BANQUE AMEX DU CANADA
BANQUE CANADIENNE IMPÉRIALE DE COMMERCE
BANQUE HSBC CANADA
BANQUE LAURENTIENNE DU CANADA
BANQUE MBNA CANADA
BANQUE DE MONTRÉAL
BANQUE NATIONALE DU CANADA
LA BANQUE DE NOUVELLE-ÉCOSSE
BANQUEROYALEDUCANADA
LA BANQUE TORONTO-DOMINION
CAPITAL ONE BANK (CANADA BRANCH)
CITYBANQUE CANADA
Requérantes
c.
LE PROCUREUR GÉNÉRAL DU QUÉBEC
Intimé
et
LE PROCUREUR GÉNÉRAL DU CANADA
RÉAL MARCOTTE
KATHLEEN JOAN GAGNÉ
NORMAND PAINCHAUD
JOËL-CHRISTIAN ST -PIERRE
MARIE CLAUDE BIBAUD
Mis en cause
Jugement rendu sur le banc le 21 janvier 2004
[1] Le Procureur général du Québec présente une requête en irrecevabilité à l'encontre d'une
requête pour jugement déclaratoire des banques requérantes.
[2] Les requérantes demandent essentiellement à la Cour supérieure de déclarer que certains
articles de la Loi sur la protection du consommateur1 soient déclarés constitutionnellement
inapplicables ou inopérants aux contrats de crédits variables conclus avec leurs clients.
[3] Le Procureur général du Québec est d'avis que cette requête est irrecevable et doit comme
telle être rejetée, par la Cour supérieure, dans le cadre de l'exercice de son pouvoir
discrétionnaire.
Le contexte factuel et procédural
[4] En avril 2003, le mis en cause Marcotte signifie à 9 des 12 requérantes une requête pour
autorisation d'exercer un recours collectif dans le dossier 500-06-000197-034.

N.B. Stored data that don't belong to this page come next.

Lemma dihedral5_edges l : l \in dihedral5 ->
  (forall i, exists j, maps_edge l i j) /\ (forall j, exists i, maps_edge l i j).
Proof.
have : all (fun l => all (fun i => has (maps_edge l i) ords5) ords5 &&
                     all (fun j => has (maps_edge l ^~ j) ords5) ords5) dihedral5.
  by vm_compute.
move=> /allP dih_edges /dih_edges /andP [/allP fwd /allP bwd].
split=> [i | j].
  by have /hasP [j _ ij] := fwd i (mem_ords5 i); exists j.
by have /hasP [i _ ij] := bwd j (mem_ords5 j); exists i.
Qed.

Section Graph.
Variables (T : finType) (e : rel T).

Definition induced (x : {ffun 'I_5 -> T}) : pattern := fun i j => e (x i) (x j).

Definition closed_walks := [set x : {ffun 'I_5 -> T} | closed_walk (induced x)].

Lemma induced_simple x : simple_graph e -> simple_graph (induced x).
Proof. by move=> [esym eirr]; split=> [i j | i]; [apply: esym | apply: eirr]. Qed.

Lemma induced_triangle_free x : triangle_free e -> triangle_free (induced x).
Proof. by move=> etf i j k; apply: etf. Qed.

Lemma sum_relabel (F : pattern -> Z) l : l \in perms5 ->
  (forall a b, a =2 b -> F a = F b) ->
  \sum_x F (relabel (induced x) l) = \sum_x F (induced x).
Proof.
move=> /nth_ord5_perms5_inj /injF_bij [r nth_ord5K nth_ord5V] F_ext.
have precomp_inj : injective (fun x : {ffun 'I_5 -> T} => [ffun i => x (nth_ord5 l i)]).
  by move=> x y /ffunP xy; apply/ffunP => j; have := xy (r j); rewrite !ffunE nth_ord5V.
rewrite [RHS](reindex_inj precomp_inj); apply: eq_bigr => x _.
by apply: F_ext => i j; rewrite /induced /relabel !ffunE.
Qed.

Lemma sum_slack_ge0 : simple_graph e -> triangle_free e ->
  0 <= \sum_x slack (induced x).
Proof.
move=> e_simple e_tf.
have : 0 <= \sum_x sym_slack (induced x).
  by apply: sumr_ge0 => x _; apply: sym_slack_ge0;
    [apply: induced_simple | apply: induced_triangle_free].
under eq_bigr do rewrite sym_slackE.
rewrite exchange_big /= big_seq.
under eq_bigr => l l_perm do rewrite (sum_relabel l_perm slack_ext).
by rewrite -big_seq big_const_seq iter_addr_0 pmulrn_lge0.
Qed.

Definition ffun_of5 (y : T * T * T) (u v : T) : {ffun 'I_5 -> T} :=
  [ffun i : 'I_5 => nth y.1.1 [:: y.1.1; y.1.2; y.2; u; v] i].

[5] La procédure du mis en cause Marcotte reproche à ces 9 requérantes d'avoir contrevenu à
certaines dispositions de la Loi sur la protection du consommateur et demande à la Cour
l'imposition de pénalités.
[6] La requérante, Banque HSBC, n'est pas partie à la procédure de Marcotte mais est par ailleurs
intimée dans une autre requête pour autorisation d'exercer un recours collectif dans le dossier
numéro 500-06-000221-040 de cette Cour.
[7] Les requérantes Capital One Bank (Canada Branch) et Banque MBNA Canada sont aussi
parties dans un autre dossier de même nature portant le numéro 500-06000203-030.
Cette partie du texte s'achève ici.